Typically x-ray speckles (or visible light speckles) are observed in Fraunhoffer, or far-field diffraction regime, in which parallel beam approximation can be applied.

The other extreme regime is the near-field (aka Fresnel) geometry, where the detector is placed in the relative vicinity of the sample. This regime is often ignored by scientists because of the complicated scattering patterns caused by interference between scattered and transmitted beams.

However, recently it was shown that Fresnel geometry has some advantages – both in terms of performing lensless imaging microscopy: curved wavefronts, resulting from for example focusing Fresnel Zone Plate optics, result in faster convergence of lensless imaging algorythms – see this paper by Williams et al. Phys. Rev. Lett. 97, 025506 (2006) - and now in terms of using near-field x-ray speckle for X-ray Photon Correlation Spectroscopy.
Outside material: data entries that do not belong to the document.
Theorem theorem3p3 (A : comNzRingType) (B : comAlgType A)
  (D : comPzRingType) (phi : {rmorphism B -> D})
  (W : comPzRingType) (alpha : {rmorphism A -> W})
  (T : comPzRingType) (iW : {rmorphism W -> T}) (iB : {rmorphism B -> T})
  (WD : {rmorphism D -> T}) :
  fin_free B ->
  is_weil_descent phi alpha iW iB WD ->
  forall (p1 p2 : D -> D) (q1 q2 : W -> W),
    in_DerB phi p1 -> in_DerB phi p2 ->
    weil_lift phi alpha iW iB WD p1 q1 ->
    weil_lift phi alpha iW iB WD p2 q2 ->
    (forall a1 a2 : A,
       let p := lcomb (fun a => phi (a%:A)) a1 a2 p1 p2 in
       let q := lcomb alpha a1 a2 q1 q2 in
       [/\ in_DerB phi p, weil_lift phi alpha iW iB WD p q &
           forall q' : W -> W, weil_lift phi alpha iW iB WD p q' -> q' =1 q]) /\
    [/\ in_DerB phi (lie p1 p2),
        weil_lift phi alpha iW iB WD (lie p1 p2) (lie q1 q2) &
        forall q' : W -> W, weil_lift phi alpha iW iB WD (lie p1 p2) q' -> q' =1 lie q1 q2] /\
    ((forall x, p1 (p2 x) = p2 (p1 x)) -> forall w, q1 (q2 w) = q2 (q1 w)).
Proof.
move=> freeB descentW p1 p2 q1 q2 _ _ lift1 lift2.
have lift_uniq := weil_lift_unique descentW freeB.
have lift12 := weil_lift_lie lift1 lift2.
split; [|split].
- move=> a1 a2 p q; have lift := weil_lift_lcomb descentW a1 a2 lift1 lift2.
  by split=> // [|q' lift']; [exact: weil_lift_in_DerB lift | exact: lift_uniq lift' lift].
- by split=> // [|q' lift']; [exact: weil_lift_in_DerB lift12 | exact: lift_uniq lift' lift12].
move=> p12C w; apply/eqP; rewrite -subr_eq0; apply/eqP.
have lift0 : weil_lift phi alpha iW iB WD (lie p1 p2) (fun _ => 0).
  by apply: weil_lift_zero => x; rewrite /lie p12C subrr.
exact: lift_uniq lift12 lift0 w.
Qed.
The Near-Field Speckle setup is limited to relatively small Q-range – the example used in the featured paper by Cerbino et. al is covering ultra-small angle scattering range of Q<0.001 inverse nanometers, corresponding to lengthscales on the order of 10 microns. While such low angles are difficult to access with far-field hard x-ray speckle, the same lengthscales can in principle be reached with visible light (laser) speckle – dynamic light scattering techniques. However, one big advantage of x-rays here is their penetrating
ability and no complications due to multiple scattering effects. Therefore, Near Field X-ray Speckle has a lot of potential for use in non-transparent materials and thick specimens where multiple light scattering effects make laser-based measurements difficult.